By default, each resource definition (in spec.resources) creates exactly one Kubernetes resource. This means the number of resources is fixed at design time - if you need 5 worker Pods, you write 5 resource definitions.

Collections let you declaratively manage multiple similar resources from a single definition. This is useful when the number of resources depends on runtime data like availability zones, tenants, or worker counts.

kro provides the forEach field to turn any resource into a collection. The field takes one or more iterators, and kro creates one resource for each element (or combination of elements), keeping them in sync as the collection changes.

Basic Example

This RGD uses forEach to create multiple Pods from a single resource entry:

apiVersion: kro.run/v1alpha1
kind: ResourceGraphDefinition
metadata:
  name: worker-pool
spec:
  schema:
    apiVersion: v1alpha1
    kind: WorkerPool
    spec:
      workers: "[]string"
      image: string

  resources:
    - id: workerPods
      forEach:
        - worker: ${schema.spec.workers}
      template:
        apiVersion: v1
        kind: Pod
        metadata:
          name: ${schema.metadata.name + '-' + worker}
        spec:
          containers:
            - name: app
              image: ${schema.spec.image}

When a user creates an instance with workers: ["alice", "bob"], kro creates two Pods - one for each worker. If the user later updates the list to ["alice", "bob", "charlie"], kro creates a third Pod for "charlie".

forEach Syntax

The forEach field is an array of iterators. Each iterator is a single-entry map binding a variable name to an expression:

forEach:
  - region: ${schema.spec.regions}

Each map entry must have exactly one key-value pair:

  • Key: The iterator variable name (available in your template expressions)
  • Value: A CEL expression that must evaluate to an array

Arrays maintain their order, so resources are indexed in the same order as elements appear in the source array - this ordering is deterministic and predictable for naming and labeling purposes.

Iterating Over Maps

If you have map (object) data, convert it to a sorted array first. Maps have non-deterministic iteration order in Go, so converting to a sorted array ensures consistent resource creation order:

# Given schema.spec.labels = {"app": "web", "env": "prod", "team": "platform"}
forEach:
  # Convert map keys to a sorted array
  - key: ${schema.spec.labels.map(k, k).sort()}

For ordering pitfalls and why this matters, see Map Gotchas and pitfalls

Iterator Variables

The variable name you specify becomes available in the template, holding the current element:

- id: workerPods
  forEach:
    - worker: ${schema.spec.workers}  # ["alice", "bob", "charlie"]
  template:
    kind: Pod
    metadata:
      # <instance-name>-alice, <instance-name>-bob, <instance-name>-charlie
      name: ${schema.metadata.name + '-' + worker}

To access the index, iterate over a range instead:

- id: workerPods
  forEach:
    - idx: ${lists.range(size(schema.spec.workers))}
  template:
    kind: Pod
    metadata:
      # <instance-name>-0, <instance-name>-1, <instance-name>-2
      name: ${schema.metadata.name + '-' + string(idx)}
    spec:
      containers:
        - name: worker
          env:
            - name: WORKER_NAME
              value: ${schema.spec.workers[idx]}  # alice, bob, charlie
tip

Use descriptive iterator names that reflect what you're iterating over, like worker, region, or dbSpec rather than generic names like item or i.

Resource Naming

Each resource in a collection must have a unique name.

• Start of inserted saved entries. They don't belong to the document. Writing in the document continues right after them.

Theorem lemma5p2 (R : realType) :
  exists Cst : R, 0 < Cst /\
  forall (m : nat) (A : 'M[R]_(2 + m)) (z : R[i]) (delta : R),
    (1 <= m)%N ->
    A^T = A ->
    complex.Im z != 0 ->
    cabs z <= 10%:R ->
    0 <= delta ->
    delta <= m0_inf R / 2%:R ->
    specnorm (ulsubmx (resolvent A z) - (m0 z)%:M) <= delta ->
    forall k : 'I_2,
      cabs ((resolvent A z *m ones R (2 + m)) (lshift m k) ord0
            - m0 z * (1 - (map_mx (fun x : R => (x%:C)%C) (row k (ursubmx A))
                             *m resolvent (drsubmx A) z *m ones R m) ord0 ord0))
      <= Cst * delta * (1 + vnorminf (resolvent A z *m ones R (2 + m))).
Proof.
exists (6 * 11); split=> [|m A z delta _ symA Imz z10 delta0 delta_inf E_le k].
  by rewrite mulr_gt0.
set G := resolvent A z; set Rd := resolvent (drsubmx A) z.
set B := map_mx (fun x : R => (x%:C)%C) (ursubmx A).
set v := ones R 2 - B *m Rd *m ones R m.
have Gtop : usubmx (G *m ones R (2 + m)) = ulsubmx G *m v.
  by rewrite /ones -col_mx_const resolvent_usubmx_mul.
have -> : (G *m ones R (2 + m)) (lshift m k) 0 = (ulsubmx G *m v) k 0.
  by rewrite -Gtop [RHS]mxE.
rewrite map_row -!row_mul [row _ _ _ _]mxE -/B.
have -> : 1 - (B *m Rd *m ones R m) k 0 = v k 0 by rewrite !mxE.
have -> : (ulsubmx G *m v) k 0 - m0 z * v k 0 = ((ulsubmx G - (m0 z)%:M) *m v) k 0.
  by rewrite mulmxBl mul_scalar_mx !mxE.
have m0_ge : 1 <= 11 * cabs (m0 z).
  by have := cabs_m0_ge z; have := cabs_ge0 (m0 z); nra.
have delta_m0 : 2 * delta <= cabs (m0 z).
  have : m0_inf R <= cabs (m0 z).
    by apply: m0_inf_le z10 => -[Im0 _]; rewrite Im0 eqxx in Imz.
  lra.
have := cabs_mulmx_le_shift2 v k E_le delta0 delta_m0 m0_ge.
rewrite subrK -/G -Gtop => /le_trans; apply.
by rewrite ler_wpM2l ?mulr_ge0 // (le_trans (vnorminf_usubmx _)) // lerDr.
Qed.
Lemma commutant_orbit_subspace x : is_subspace (commutant_orbit T x).
Proof.
split.
- exists (fun=> 0) => //; split; first exact: cst_continuous.
  by apply: funext => z /=; rewrite linear0.
- move=> _ _ [S1 [S1_cont S1T] <-] [S2 [S2_cont S2T] <-].
  exists (fun z => S1 z + S2 z) => //; split.
    by move=> z; exact: continuous_comp (cvg_pair (S1_cont z) (S2_cont z)) (add_continuous _).
  apply: funext => z /=; rewrite linearD.
  by have /= -> := congr1 (@^~ z) S1T; have /= -> := congr1 (@^~ z) S2T.
- move=> a _ [S [S_cont ST] <-]; exists (fun z => a *: S z) => //; split.
    by move=> z; exact: continuous_comp (cvg_pair (cvg_cst (a : K^o)) (S_cont z))
      (scale_continuous _).
  by apply: funext => z /=; rewrite linearZ; have /= -> := congr1 (@^~ z) ST.
Qed.

Lemma orbit_span_sub_commutant_orbit x :
  continuous T -> orbit_span T x `<=` commutant_orbit T x.
Proof.
move=> T_cont _ [n [c [m ->]]].
apply: is_subspace_lincomb (commutant_orbit_subspace x) _ => i.
by exists (iter (m i) T) => //; exact: commutant_iter.
Qed.

End Commutant.

Section PowerSubspace.
Variables (K : numFieldType) (V : lmodType K) (I : eqType) (D : set V).

Lemma is_subspace_power :
  is_subspace D -> is_subspace [set v : I -> V | forall i, D (v i)].
Proof.
move=> [D0 DD DZ]; split=> [i|v w Dv Dw i|a v Dv i]; first exact: D0.
  exact: DD.
exact: DZ.
Qed.

Lemma infdim_subspace_power (i0 : I) :
  D 0 -> infdim_subspace D -> infdim_subspace [set v : I -> V | forall i, D (v i)].
Proof.
move=> D0 D_infdim n; have [v [Dv v_indep]] := D_infdim n.
exists (fun j i => if i == i0 then v j else 0); split=> [j i|c c0].
  by case: ifP.
apply: v_indep; rewrite -[RHS]/((0 : I -> V) i0) -c0 fct_sumE.
by apply: eq_bigr => j _; rewrite [RHS]/GRing.scale /= eqxx.
Qed.

End PowerSubspace.

Theorem mainTheorem17 (R : realType) (b : bool)
  (X : topologicalLmodType (RorC R b))
  (HF : Fspace R X) (Hsep : separable_space X)
  (Hinf : infinite_dimensional X)
  (T : {linear X -> X}) (Tcont : continuous T)
  (F : set (set nat)) (HFam : Furstenberg_family F) :
  ((exists x : X, F_recurrent F T x /\ dense (commutant_orbit T x)) \/
   (exists x : X, F_recurrent F T x /\ cyclic_vector T x) \/
   (exists x : X, F_hypercyclic F T x)) ->
  forall N : nat, (0 < N)%N ->
    exists S : set ('I_N -> X),
      [/\ is_subspace S, infdim_subspace S,
          @dense (power_space X N) S &
          S `<=` FRec F (@diag_op X N T)].
Proof.
move=> hyp N N_gt0; have [F_inf F_up _] := HFam.
have [x [x_rec x_dense]] : exists x, F_recurrent F T x /\ dense (commutant_orbit T x).
  case: hyp => [//|[[x [x_rec x_cyclic]]|[x x_hc]]]; exists x.
    split=> //; apply: dense_subset x_cyclic _.
    exact: orbit_span_sub_commutant_orbit Tcont.
  split; first exact: F_hypercyclic_recurrent F_up _ x_hc.
  apply: dense_subset (F_hypercyclic_dense_orbit F_inf x_hc) _ => _ [n _ <-].
  by exists (iter n T) => //; exact: commutant_iter Tcont.
have [d [d_ge0 [d_eq0 [d_sym [d_tri [d_inv [d_nbhs _]]]]]]] := HF.
have D_subspace := commutant_orbit_subspace T x; have [D0 _ _] := D_subspace.
exists [set v | forall i, commutant_orbit T x (v i)]; split.
- exact: is_subspace_power D_subspace.
- apply: infdim_subspace_power (Ordinal N_gt0) D0 _.
  exact: dense_infdim_subspace d_ge0 d_eq0 d_sym d_tri d_inv d_nbhs
    (@seq_complete_RorC R b) _ x_dense Hinf.
- exact: dense_ptws.
- by move=> v; exact: F_recurrent_power_commutant_orbit F_up _ _ _ x_rec.
Qed.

Always include the iterator variable in metadata.name to ensure uniqueness:

- id: workerPods
  forEach:
    - worker: ${schema.spec.workers}
  template:
    kind: Pod
    metadata:
      # Good: includes iterator variable for uniqueness
      name: ${schema.metadata.name + '-' + worker}
Unique Names Required

Resource names must be unique not just within the collection, but across all instances and RGDs in the same namespace. Kubernetes identifies resources by namespace + name + kind + apiVersion - if two resources share these, they conflict.

Best practice: always include the instance name to avoid cross-instance collisions:

# With regions: ["us-east", "us-west"] and tiers: ["web", "api"]
name: ${schema.metadata.name + '-' + region + '-' + tier}
# Creates: myapp-us-east-web, myapp-us-east-api, myapp-us-west-web, myapp-us-west-api

If you omit schema.metadata.name, two instances with the same iterator values will overwrite each other's resources.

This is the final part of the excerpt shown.